NBC News' Fear-mongering Regarding Leaked Apple Device UDIDs

I always enjoy when non-tech reporters write about tech stories and get just enough of the details wrong to make it seem to the average user that the story is true while the story actually perpetuates falsehoods. Keyy Sanders and Bob Sullivan, at NBC News:

The UDID -- which stands for Unique Device Identifier -- is present on Apple iPads, iPods and iPhones, and is similar to a serial number. During the past year, researchers have found that many app developers have used the UDID to help keep track of their users, storing the data in various databases and often associating it with other personal information. When matched with other information, the UDID can be used to track users' app usage, social media usage or location. It could also be used to "push" potentially dangerous applications onto users' Apple gadgets. The way this paragraph is written, it would lead the average reader to believe that any of the leaked 12 million UDIDs could be used to push malware onto the respective iOS devices they belong to. This is a blatant lie. In order for something like this to happen, the culprit would have to register 120,000 Apple Developer accounts, paying $99 each for them which would cost a total of $11,880,000. Then someone would have to manually enter each UDID into Apple's Developer portal. Then and only then would someone have to make some sort of iOS app (that Apple could kill easily by deactivating the offending developer account) and add that app to each of the 120,000 developer accounts they've made in order to be able to generate a link or share a file that users would have to drag into their iTunes or use a service like Testflight to receive over the air (most if not all Testflight users are developers themselves.) As you can see, this is a near-impossible scenario. Yet if you read the quoted paragraph, NBC would like the reader to believe that they are possibly in grave danger of having malware "pushed" to their devices. ::eyeroll:: The question is - did these two reporters not understand how this works or did they intentionally attempt to mislead their readers to make the story juicier?

What Bill Clinton Wrote vs. What Bill Clinton Said

Dashiell Bennett, at The Atlantic Wire:

If you were following any journalists on Twitter last night, one of the most remarked upon aspects of Bill Clinton's nomination speech was how liberally he deviated from the prepared text. What was handed out to the media was four pages of single-spaced, small font text, but — as an exasperated TelePrompTer operator found out —that was really just a guideline to what Clinton actually wanted to say during his 49-minute address. We decided to compare the two versions to see how one of the great speechmakers of his era goes about his business. You really have to take a look at their transcript which clearly shows which was removed, added or left the same from the text vs what he said. Amazing speaker.

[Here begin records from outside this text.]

(* Let $m\ge3$ be odd, $n\ge 0$ an integer, $h=8(m-2)n+3(m-4)^2$, and $\bm d=(d_1,d_2,d_3)\in\mathbb{N}^3$. Let $p$ be an odd prime with $p\mid(m-2)$. Then \[ b_p(h,\lambda_{\bm d},0)=\begin{cases} p^{\mathrm{ord}_p(m-2)+\min_j\{\mathrm{ord}_p(d_j)\}} & \text{if } n\in\gcd(d_1,d_2,d_3)\mathbb{Z}_p,\\ 0&\text{otherwise.}\end{cases} \]
   Context: $V$ is the ternary quadratic space over $\mathbb{Q}$ with basis $e_1,e_2,e_3$, $B(e_i,e_j)=4(m-2)^2\delta_{ij}$, $Q(x)=B(x,x)$; $L^{\bm d}=\mathbb{Z}d_1e_1+\mathbb{Z}d_2e_2+\mathbb{Z}d_3e_3$, $\nu=\frac{4-m}{2(m-2)}(e_1+e_2+e_3)$, $X^{\bm d}=L^{\bm d}+\nu$, and $\lambda_{\bm d}$ is the characteristic function of $X^{\bm d}$. For $z\in\mathbb{Q}_p$, $\bm e_p(z)=e^{-2\pi i y}$ where $y\in\bigcup_{t\ge1}p^{-t}\mathbb{Z}$ satisfies $z-y\in\mathbb{Z}_p$. With Haar measures $dv$ on $L^{\bm d}_p=L^{\bm d}\otimes\mathbb{Z}_p$ and $d\sigma$ on $\mathbb{Q}_p$ normalized so that $L^{\bm d}_p$ and $\mathbb{Z}_p$ have volume $1$, the local density is \[ b_p(h,\lambda_{\bm d},0)=\int_{\mathbb{Q}_p}\int_{L^{\bm d}_p}\bm e_p\big(\sigma(Q(v+\nu)-h)\big)\,dv\,d\sigma. \] *)

From mathcomp Require Import all_boot all_algebra.
From mathcomp Require Import all_classical all_reals all_analysis.
From mathcomp.real_closed Require Import complex.

Set Implicit Arguments.
Unset Strict Implicit.
Unset Printing Implicit Defensive.

Import GRing.Theory Num.Theory numFieldNormedType.Exports.
Local Open Scope ring_scope.
Local Open Scope classical_set_scope.

(* The p-adic additive character restricted to rationals.                    *)
(* For z in Q, write z = u / (p^k * w) with p coprime to w.  Then            *)
(* y := ((u * w') mod p^k) / p^k, where w * w' = 1 mod p^k, lies in Z[1/p]   *)
(* (indeed in p^-k Z) and satisfies z - y in Z_p.  Any two such y differ by  *)
(* an integer, so e_p(z) = exp(-2 pi i y) is well defined.                   *)
Definition ep_frac (p : nat) (z : rat) : rat :=
  let u := numq z in
  let den := `|denq z|%N in
  let k := logn p den in
  let w := (den %/ p ^ k)%N in
  let w' := (egcdn w (p ^ k)).1 in
  ((intdiv.modz (u * w'%:Z) (p ^ k)%:Z)%:~R) / (p ^ k)%:R.

Definition ep (R : realType) (p : nat) (z : rat) : R[i] :=
  let y : R := ratr (ep_frac p z) in
  (cos (2 * pi * y) -i* sin (2 * pi * y))%C.

(* Quadratic form Q(x) = B(x,x), B(e_i,e_j) = 4(m-2)^2 delta_ij, in the      *)
(* coordinates of the basis e_1, e_2, e_3.                                  *)
Definition Qform (m : nat) (y1 y2 y3 : rat) : rat :=
  4 * (m%:R - 2) ^+ 2 * (y1 ^+ 2 + y2 ^+ 2 + y3 ^+ 2).

(* Common coordinate of nu = (4-m)/(2(m-2)) (e_1 + e_2 + e_3). *)
Definition nu_coord (m : nat) : rat := (4 - m%:R) / (2 * (m%:R - 2)).

Definition hval (m n : nat) : rat :=
  8 * (m%:R - 2) * n%:R + 3 * (m%:R - 4) ^+ 2.

(* Q(v + nu) - h for v = x1 d1 e1 + x2 d2 e2 + x3 d3 e3. *)
Definition Fval (m n d1 d2 d3 : nat) (x1 x2 x3 : nat) : rat :=
  Qform m (d1%:R * x1%:R + nu_coord m) (d2%:R * x2%:R + nu_coord m)
          (d3%:R * x3%:R + nu_coord m) - hval m n.

(* Truncated local density:                                                  *)
(*   I_t = \int_{p^{-t} Z_p} \int_{L^d_p} e_p(sigma (Q(v+nu) - h)) dv dsigma. *)
(* Since Q(v+nu) - h is p-integral on L^d_p, the integrand is constant on    *)
(* the cosets (a/p^t + Z_p) x (x + p^t Z_p^3), each of measure p^{-3t}       *)
(* (dv normalised so that L^d_p = Z_p d1 e1 + Z_p d2 e2 + Z_p d3 e3 has      *)
(* volume 1, dsigma so that Z_p has volume 1).                               *)
Definition trunc_density (R : realType) (p m n d1 d2 d3 t : nat) : R[i] :=
  \sum_(a < p ^ t) \sum_(x1 < p ^ t) \sum_(x2 < p ^ t) \sum_(x3 < p ^ t)
     ((((p ^ (3 * t))%:R : R)^-1)%:C
       * ep R p ((a%:R / (p ^ t)%:R) * Fval m n d1 d2 d3 x1 x2 x3))%C.

(* b_p(h, lambda_d, 0) = lim_{t -> oo} I_t ;  "b_p = c" is expressed as the  *)
(* convergence of I_t to c in C (real and imaginary parts).                  *)
Definition density_is (R : realType) (p m n d1 d2 d3 : nat) (c : R[i]) : Prop :=
  (fun t => @complex.Re R (trunc_density R p m n d1 d2 d3 t)) @ \oo --> (@complex.Re R c : R) /\
  (fun t => @complex.Im R (trunc_density R p m n d1 d2 d3 t)) @ \oo --> (@complex.Im R c : R).

(* Proof: on the lattice, Q(v + nu) - h = 4(m-2) G(x) with
   G(x) = q(d1 x1) + q(d2 x2) + q(d3 x3) - 2n and q(y) = y((m-2)y - (m-4)), so the
   sigma-integral over p^-t Z_p is, by orthogonality of the characters
   a |-> e(a y / p^t), p^-2t times the number of x mod p^t with
   p^(t-k) | G(x), k = ord_p(m-2).  As p | m-2 is odd, (m-2)y - (m-4) is a
   p-adic unit, and for D = u p^e (p not dividing u) the map
   x |-> q(D x) / p^e = u x ((m-2) D x - (m-4)) is injective, hence bijective,
   modulo every power of p.  Solving for the coordinate of least valuation e
   then gives p^(t-s+e) solutions for each choice of the other two coordinates
   when p^e | n, and none otherwise; so the truncated integrals are constant,
   equal to p^(k+e) or 0, as soon as t >= k + e. *)

From mathcomp Require Import all_boot all_algebra.
From mathcomp Require Import all_classical all_reals all_analysis.
From mathcomp.real_closed Require Import complex.
From mathcomp Require Import zify ring lra.
Import GRing.Theory Num.Theory numFieldNormedType.Exports.

Local Open Scope ring_scope.

Lemma eq_of_dvdz_subn (P x y : nat) :
  (x < P)%N -> (y < P)%N -> (P%:Z %| x%:Z - y%:Z)%Z -> x = y.
Proof. by move=> xP yP; rewrite -eqz_mod_dvd !modz_nat !modn_small // => /eqP[]. Qed.

Lemma sum_periodic_nat (g : nat -> nat) a b : (forall x, g (x + b)%N = g x) ->
  (\sum_(0 <= x < a * b) g x = a * \sum_(0 <= x < b) g x)%N.
Proof.
move=> gP; have gPn k x : g (x + k * b)%N = g x.
  by elim: k x => [|k IH] x; rewrite ?mul0n ?addn0 // mulSn addnA IH gP.
elim: a => [|a IH]; first by rewrite !mul0n big_geq.
rewrite mulSnr (@big_cat_nat _ _ _ (a * b)) //= ?leq_addr // IH.
rewrite -{1}[(a * b)%N]add0n big_addn addKn mulSnr; congr (_ + _)%N.
by apply: eq_bigr => i _; rewrite gPn.
Qed.

Lemma count_dvdz_injmod (N : nat) (f : nat -> int) (c : int) : (0 < N)%N ->
  (forall x y, (x < N)%N -> (y < N)%N -> (N%:Z %| f x - f y)%Z -> x = y) ->
  (\sum_(x < N) ((N%:Z %| (f x + c)%R)%Z : nat))%N = 1%N.
Proof.
move=> N_gt0 f_inj.
have N_neq0 : N%:Z != 0 by rewrite eqz_nat -lt0n.
have modN_lt (z : int) : (`|(z %% N)%Z|%N < N)%N.
  by rewrite -ltz_nat gez0_abs ?modz_ge0 ?ltz_pmod.
have modN_eq (z z' : int) :
    (`|(z %% N)%Z|%N == `|(z' %% N)%Z|%N) = (N%:Z %| z - z')%Z.
  by rewrite -eqz_mod_dvd -eqz_nat !gez0_abs ?modz_ge0.
pose h (x : 'I_N) : 'I_N := Ordinal (modN_lt (f x)).
have h_inj : injective h.
  move=> x y /(congr1 val)/eqP; rewrite modN_eq.
  by move/(f_inj _ _ (ltn_ord x) (ltn_ord y))/val_inj.
have /codomP[x0 hx0] : Ordinal (modN_lt (- c)) \in codom h by exact: inj_card_onto.
have hitE (x : 'I_N) : (N%:Z %| f x + c)%Z = (x == x0).
  rewrite -[c]opprK -modN_eq -[X in X == _]/(val (h x)).
  by rewrite -[X in _ == X]/(val (Ordinal (modN_lt (- c)))) hx0 val_eqE (inj_eq h_inj).
rewrite (bigD1 x0) //= big1 ?hitE ?eqxx ?addn0 // => x /negbTE.
by rewrite hitE => ->.
Qed.

Definition count_dvd3 (M N : nat) (g : nat -> nat -> nat -> int) : nat :=
  (\sum_(x1 < M) \sum_(x2 < M) \sum_(x3 < M) ((N%:Z %| g x1 x2 x3)%Z : nat))%N.

Lemma eq_count_dvd3 M N N' g g' :
  (forall x1 x2 x3, (N%:Z %| g x1 x2 x3)%Z = (N'%:Z %| g' x1 x2 x3)%Z) ->
  count_dvd3 M N g = count_dvd3 M N' g'.
Proof.
move=> eq_g; apply: eq_bigr => x1 _; apply: eq_bigr => x2 _.
by apply: eq_bigr => x3 _; rewrite eq_g.
Qed.

Lemma count_dvd3_swap12 M N g :
  count_dvd3 M N g = count_dvd3 M N (fun x1 x2 x3 => g x2 x1 x3).
Proof. by rewrite /count_dvd3 exchange_big. Qed.

Lemma count_dvd3_swap23 M N g :
  count_dvd3 M N g = count_dvd3 M N (fun x1 x2 x3 => g x1 x3 x2).
Proof. by apply: eq_bigr => x1 _; rewrite exchange_big. Qed.

Section QuadraticCongruence.

Variables (p : nat) (A : int).
Hypotheses (p_prime : prime p) (p_odd : odd p) (p_dvdA : (p%:Z %| A)%Z).

Definition qpoly (y : int) : int := y * (A * y - (A - 2)).

Lemma coprimez_qpoly_factor (z : int) : coprimez p (A * z - (A - 2)).
Proof.
rewrite coprimezE prime_coprime //; apply: contraTN p_odd => p_dvd.
have : (p%:Z %| 2)%Z.
  have -> : 2 = A * z - (A - 2) - A * (z - 1) :> int by ring.
  by rewrite rpredB ?dvdz_mulr // dvdzE.
by rewrite dvdzE -coprimen2 prime_coprime // => ->.
Qed.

The Best Interface Is No Interface

Golden Krishna, at Cooper writes:> As Donald Norman said in 1990, “The real problem with the interface is that it is an interface. Interfaces get in the way. I don’t want to focus my energies on an interface. I want to focus on the job…I don’t want to think of myself as using a computer, I want to think of myself as doing my job.”

It’s time for us to move beyond screen-based thinking. Because when we think in screens, we design based upon a model that is inherently unnatural, inhumane, and has diminishing returns. It requires a great deal of talent, money and time to make these systems somewhat usable, and after all that effort, the software can sadly, only truly improve with a major overhaul. The entire article is an excellent look at typical pedestrian interfaces that are seen these days versus interfaces that take great pains to anticipate the normal user behavior of a task and tries to solve it in the same way using a well designed interface.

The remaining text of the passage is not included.